In the material below, find each line with the string "Hinit" and copy it.
DATA TO EXAMINE below:
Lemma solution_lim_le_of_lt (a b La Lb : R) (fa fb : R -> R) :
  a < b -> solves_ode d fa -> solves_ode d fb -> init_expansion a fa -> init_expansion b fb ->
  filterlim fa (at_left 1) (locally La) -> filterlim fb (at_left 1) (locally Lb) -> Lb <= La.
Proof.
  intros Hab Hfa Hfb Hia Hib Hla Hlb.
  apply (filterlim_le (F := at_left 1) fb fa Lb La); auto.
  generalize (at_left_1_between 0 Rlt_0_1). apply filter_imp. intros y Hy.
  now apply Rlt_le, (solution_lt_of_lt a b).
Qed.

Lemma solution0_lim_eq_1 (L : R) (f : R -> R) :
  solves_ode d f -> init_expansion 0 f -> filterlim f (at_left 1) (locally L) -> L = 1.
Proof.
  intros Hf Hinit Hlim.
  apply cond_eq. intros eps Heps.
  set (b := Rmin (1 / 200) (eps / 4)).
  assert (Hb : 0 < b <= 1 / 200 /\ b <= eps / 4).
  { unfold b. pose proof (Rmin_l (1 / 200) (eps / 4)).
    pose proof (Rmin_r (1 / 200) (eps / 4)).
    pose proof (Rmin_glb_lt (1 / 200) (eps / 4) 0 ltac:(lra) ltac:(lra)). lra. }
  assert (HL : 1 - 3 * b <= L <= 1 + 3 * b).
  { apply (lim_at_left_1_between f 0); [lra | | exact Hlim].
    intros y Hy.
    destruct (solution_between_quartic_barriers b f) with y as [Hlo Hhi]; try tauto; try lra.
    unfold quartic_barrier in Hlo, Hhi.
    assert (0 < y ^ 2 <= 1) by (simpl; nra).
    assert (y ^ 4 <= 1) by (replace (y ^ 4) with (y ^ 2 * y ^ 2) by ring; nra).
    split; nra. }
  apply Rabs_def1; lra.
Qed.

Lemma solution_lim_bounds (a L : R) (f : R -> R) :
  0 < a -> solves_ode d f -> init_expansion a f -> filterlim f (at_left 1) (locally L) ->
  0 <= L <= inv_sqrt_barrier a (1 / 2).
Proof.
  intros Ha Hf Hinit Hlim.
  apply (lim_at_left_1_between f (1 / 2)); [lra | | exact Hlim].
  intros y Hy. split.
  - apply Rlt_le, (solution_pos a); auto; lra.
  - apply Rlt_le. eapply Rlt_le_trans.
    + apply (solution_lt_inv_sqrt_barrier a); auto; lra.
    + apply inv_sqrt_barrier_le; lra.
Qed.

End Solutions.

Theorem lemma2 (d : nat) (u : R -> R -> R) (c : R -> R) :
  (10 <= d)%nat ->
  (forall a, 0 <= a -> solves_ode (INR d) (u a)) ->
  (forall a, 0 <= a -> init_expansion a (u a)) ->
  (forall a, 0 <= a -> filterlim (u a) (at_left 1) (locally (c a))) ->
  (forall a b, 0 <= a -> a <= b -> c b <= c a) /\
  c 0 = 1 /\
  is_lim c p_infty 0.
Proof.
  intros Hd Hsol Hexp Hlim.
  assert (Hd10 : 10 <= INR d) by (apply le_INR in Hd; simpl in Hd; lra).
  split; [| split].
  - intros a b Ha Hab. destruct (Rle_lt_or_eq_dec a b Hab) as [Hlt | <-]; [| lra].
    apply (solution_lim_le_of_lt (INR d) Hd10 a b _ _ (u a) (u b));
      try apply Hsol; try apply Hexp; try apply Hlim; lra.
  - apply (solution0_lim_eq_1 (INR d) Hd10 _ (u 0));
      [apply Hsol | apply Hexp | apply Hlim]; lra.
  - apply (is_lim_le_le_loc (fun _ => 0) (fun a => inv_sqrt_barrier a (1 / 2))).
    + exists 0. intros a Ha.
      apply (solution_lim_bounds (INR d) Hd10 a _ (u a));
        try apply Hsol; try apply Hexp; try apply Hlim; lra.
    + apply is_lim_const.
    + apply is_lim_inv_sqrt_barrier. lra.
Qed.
End of DATA TO EXAMINE.
» **EXPECTED OUTPUT**:
  intros Hf Hinit Hlim.
  intros Ha Hf Hinit Hlim.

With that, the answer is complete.